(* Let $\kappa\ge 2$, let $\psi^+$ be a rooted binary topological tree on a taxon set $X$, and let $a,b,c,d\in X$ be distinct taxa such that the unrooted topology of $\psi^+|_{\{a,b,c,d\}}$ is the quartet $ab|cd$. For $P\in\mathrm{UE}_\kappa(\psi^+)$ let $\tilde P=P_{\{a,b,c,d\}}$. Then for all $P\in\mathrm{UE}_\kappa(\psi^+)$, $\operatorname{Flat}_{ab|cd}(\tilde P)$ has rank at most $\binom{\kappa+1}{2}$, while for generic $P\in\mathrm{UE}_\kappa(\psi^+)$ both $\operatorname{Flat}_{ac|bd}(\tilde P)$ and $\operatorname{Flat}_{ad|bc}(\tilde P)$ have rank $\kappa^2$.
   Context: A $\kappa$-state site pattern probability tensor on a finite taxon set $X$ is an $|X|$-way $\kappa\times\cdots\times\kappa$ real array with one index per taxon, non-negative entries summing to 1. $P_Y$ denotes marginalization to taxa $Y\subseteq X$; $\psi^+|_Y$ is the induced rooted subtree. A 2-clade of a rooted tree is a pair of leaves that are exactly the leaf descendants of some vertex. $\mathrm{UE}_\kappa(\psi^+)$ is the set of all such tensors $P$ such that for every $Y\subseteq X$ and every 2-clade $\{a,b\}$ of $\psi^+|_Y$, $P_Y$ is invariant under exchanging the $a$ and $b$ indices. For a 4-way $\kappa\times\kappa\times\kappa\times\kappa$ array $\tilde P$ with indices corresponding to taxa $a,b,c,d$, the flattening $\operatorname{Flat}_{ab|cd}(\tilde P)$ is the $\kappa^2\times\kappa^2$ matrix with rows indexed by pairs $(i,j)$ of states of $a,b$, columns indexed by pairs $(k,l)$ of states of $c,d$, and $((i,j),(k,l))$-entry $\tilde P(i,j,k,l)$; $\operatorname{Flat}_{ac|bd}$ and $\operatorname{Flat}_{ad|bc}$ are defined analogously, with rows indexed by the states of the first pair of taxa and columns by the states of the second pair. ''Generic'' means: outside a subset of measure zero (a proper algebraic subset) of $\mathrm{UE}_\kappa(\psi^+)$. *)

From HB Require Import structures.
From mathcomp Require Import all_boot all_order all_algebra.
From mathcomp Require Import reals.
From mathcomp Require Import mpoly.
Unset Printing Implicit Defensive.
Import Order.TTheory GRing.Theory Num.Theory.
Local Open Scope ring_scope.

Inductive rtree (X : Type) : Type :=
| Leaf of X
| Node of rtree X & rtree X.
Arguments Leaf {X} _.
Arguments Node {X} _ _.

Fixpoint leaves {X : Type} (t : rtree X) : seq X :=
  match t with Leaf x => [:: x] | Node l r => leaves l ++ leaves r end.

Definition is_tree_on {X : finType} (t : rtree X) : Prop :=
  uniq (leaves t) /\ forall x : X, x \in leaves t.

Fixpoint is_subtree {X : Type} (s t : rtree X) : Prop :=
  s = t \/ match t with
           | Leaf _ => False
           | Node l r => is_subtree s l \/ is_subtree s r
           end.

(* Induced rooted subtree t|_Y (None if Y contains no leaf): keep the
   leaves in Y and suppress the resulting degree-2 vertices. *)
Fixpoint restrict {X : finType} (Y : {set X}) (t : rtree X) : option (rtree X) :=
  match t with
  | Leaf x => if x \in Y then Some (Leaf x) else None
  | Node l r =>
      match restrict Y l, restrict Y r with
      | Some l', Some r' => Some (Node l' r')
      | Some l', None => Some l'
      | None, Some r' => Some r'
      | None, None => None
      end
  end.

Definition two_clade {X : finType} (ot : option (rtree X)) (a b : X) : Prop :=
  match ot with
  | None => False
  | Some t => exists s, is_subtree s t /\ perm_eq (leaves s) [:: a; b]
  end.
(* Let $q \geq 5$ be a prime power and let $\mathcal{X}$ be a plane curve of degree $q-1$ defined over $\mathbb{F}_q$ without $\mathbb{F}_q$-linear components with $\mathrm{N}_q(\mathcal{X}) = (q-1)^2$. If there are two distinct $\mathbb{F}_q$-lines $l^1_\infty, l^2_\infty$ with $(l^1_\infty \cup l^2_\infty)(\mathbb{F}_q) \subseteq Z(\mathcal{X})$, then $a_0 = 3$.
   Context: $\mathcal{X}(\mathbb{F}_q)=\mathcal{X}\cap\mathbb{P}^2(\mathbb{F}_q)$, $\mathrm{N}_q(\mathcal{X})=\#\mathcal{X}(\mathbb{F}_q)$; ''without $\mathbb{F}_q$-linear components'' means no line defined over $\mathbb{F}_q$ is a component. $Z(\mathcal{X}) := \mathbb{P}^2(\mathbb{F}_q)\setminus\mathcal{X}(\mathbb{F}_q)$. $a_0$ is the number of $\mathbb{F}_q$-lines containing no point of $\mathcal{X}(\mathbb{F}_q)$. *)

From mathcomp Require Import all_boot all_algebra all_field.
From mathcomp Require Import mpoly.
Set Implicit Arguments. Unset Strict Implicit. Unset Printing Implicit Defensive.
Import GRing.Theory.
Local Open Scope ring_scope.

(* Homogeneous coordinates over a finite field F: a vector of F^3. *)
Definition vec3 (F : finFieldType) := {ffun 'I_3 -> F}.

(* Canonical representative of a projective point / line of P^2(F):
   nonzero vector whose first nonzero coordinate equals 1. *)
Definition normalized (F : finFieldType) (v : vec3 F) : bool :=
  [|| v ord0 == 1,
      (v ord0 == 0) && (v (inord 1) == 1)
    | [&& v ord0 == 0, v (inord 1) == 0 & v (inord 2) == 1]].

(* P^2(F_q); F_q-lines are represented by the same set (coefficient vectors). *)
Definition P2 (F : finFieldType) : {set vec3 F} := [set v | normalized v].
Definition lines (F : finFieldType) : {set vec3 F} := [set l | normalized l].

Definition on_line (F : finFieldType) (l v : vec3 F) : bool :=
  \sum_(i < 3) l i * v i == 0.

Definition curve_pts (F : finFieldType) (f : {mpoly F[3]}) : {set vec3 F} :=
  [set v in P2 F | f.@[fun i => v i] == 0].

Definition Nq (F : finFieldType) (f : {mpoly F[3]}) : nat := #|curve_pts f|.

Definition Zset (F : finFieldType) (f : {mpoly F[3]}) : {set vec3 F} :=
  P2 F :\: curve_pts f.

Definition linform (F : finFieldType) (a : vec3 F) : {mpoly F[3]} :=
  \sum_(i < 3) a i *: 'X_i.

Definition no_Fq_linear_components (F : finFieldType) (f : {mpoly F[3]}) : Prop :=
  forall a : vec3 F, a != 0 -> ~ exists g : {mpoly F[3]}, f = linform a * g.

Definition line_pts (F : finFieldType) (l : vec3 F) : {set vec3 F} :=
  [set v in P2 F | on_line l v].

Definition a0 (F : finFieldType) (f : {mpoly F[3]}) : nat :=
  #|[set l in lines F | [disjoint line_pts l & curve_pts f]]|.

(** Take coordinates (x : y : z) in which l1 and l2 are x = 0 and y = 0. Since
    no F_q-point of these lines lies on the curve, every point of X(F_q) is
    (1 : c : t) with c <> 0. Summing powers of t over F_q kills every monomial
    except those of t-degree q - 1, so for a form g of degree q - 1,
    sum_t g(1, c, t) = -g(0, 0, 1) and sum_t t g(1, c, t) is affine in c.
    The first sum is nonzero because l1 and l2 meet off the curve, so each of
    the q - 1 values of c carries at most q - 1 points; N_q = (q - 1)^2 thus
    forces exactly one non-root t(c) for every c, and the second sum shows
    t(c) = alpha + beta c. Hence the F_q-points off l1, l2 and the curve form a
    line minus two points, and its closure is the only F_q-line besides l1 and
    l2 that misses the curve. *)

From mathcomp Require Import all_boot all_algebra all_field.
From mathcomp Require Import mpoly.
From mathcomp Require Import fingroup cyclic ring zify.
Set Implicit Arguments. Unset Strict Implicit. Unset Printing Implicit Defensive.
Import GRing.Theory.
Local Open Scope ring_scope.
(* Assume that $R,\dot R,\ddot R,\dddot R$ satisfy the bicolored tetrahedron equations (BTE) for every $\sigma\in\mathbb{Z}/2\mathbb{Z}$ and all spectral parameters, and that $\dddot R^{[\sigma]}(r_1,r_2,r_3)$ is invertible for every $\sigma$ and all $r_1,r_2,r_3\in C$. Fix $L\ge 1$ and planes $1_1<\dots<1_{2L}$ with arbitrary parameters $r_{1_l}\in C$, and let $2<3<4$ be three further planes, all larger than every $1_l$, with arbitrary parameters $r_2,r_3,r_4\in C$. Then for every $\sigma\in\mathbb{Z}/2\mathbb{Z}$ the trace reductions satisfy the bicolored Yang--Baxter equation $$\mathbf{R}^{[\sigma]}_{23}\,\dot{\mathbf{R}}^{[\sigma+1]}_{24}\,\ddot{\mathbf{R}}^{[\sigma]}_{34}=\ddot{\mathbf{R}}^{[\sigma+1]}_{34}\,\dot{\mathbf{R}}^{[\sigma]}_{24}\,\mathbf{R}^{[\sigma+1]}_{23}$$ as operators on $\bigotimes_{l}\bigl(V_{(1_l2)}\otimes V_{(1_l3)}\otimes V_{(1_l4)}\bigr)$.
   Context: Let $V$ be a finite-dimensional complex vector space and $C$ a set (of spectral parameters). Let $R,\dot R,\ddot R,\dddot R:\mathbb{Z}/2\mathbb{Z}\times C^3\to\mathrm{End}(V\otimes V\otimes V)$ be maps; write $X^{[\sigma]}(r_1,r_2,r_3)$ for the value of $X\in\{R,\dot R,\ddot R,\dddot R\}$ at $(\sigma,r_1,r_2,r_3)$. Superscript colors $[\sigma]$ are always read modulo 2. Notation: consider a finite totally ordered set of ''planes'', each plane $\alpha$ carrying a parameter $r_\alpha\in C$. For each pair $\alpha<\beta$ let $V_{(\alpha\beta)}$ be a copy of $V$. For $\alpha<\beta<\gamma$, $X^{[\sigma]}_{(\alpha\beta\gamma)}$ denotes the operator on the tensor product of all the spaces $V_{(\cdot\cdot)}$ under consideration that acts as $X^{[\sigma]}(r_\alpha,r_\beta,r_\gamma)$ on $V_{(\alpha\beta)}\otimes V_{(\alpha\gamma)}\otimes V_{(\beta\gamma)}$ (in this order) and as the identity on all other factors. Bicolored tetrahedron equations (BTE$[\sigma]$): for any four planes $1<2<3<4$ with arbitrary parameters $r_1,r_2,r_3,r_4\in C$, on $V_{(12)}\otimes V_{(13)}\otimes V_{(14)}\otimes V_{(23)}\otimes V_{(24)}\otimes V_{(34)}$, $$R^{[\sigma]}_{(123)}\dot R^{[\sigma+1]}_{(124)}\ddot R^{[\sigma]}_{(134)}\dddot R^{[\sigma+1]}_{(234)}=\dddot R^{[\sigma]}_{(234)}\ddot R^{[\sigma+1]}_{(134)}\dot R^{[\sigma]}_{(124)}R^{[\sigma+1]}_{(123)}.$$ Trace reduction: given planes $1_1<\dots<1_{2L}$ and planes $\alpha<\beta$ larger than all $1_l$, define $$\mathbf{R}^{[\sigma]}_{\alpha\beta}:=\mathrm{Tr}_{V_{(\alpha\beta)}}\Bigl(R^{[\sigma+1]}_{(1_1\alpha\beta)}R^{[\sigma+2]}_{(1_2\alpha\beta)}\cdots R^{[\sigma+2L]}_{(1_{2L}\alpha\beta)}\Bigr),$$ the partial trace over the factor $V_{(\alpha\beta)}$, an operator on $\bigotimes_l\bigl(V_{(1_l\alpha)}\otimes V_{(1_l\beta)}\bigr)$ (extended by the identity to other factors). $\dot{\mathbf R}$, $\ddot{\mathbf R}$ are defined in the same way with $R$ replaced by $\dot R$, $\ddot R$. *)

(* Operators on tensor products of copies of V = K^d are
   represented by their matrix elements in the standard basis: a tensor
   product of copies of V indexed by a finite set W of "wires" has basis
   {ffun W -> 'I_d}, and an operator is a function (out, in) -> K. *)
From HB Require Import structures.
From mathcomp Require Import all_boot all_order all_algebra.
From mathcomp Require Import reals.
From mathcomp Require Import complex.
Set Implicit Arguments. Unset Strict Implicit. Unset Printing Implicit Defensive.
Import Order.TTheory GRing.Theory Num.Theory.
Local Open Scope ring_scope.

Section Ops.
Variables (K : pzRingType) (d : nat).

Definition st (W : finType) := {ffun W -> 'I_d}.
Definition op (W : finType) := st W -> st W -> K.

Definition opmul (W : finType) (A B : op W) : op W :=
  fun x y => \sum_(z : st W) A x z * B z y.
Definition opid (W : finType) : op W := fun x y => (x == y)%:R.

* **WHAT IS NEEDED**: Looking at the records above, how many of their lines carry the string "inord"? Answer with the number and nothing else.

* **ANSWER FOR THE TASK**: 2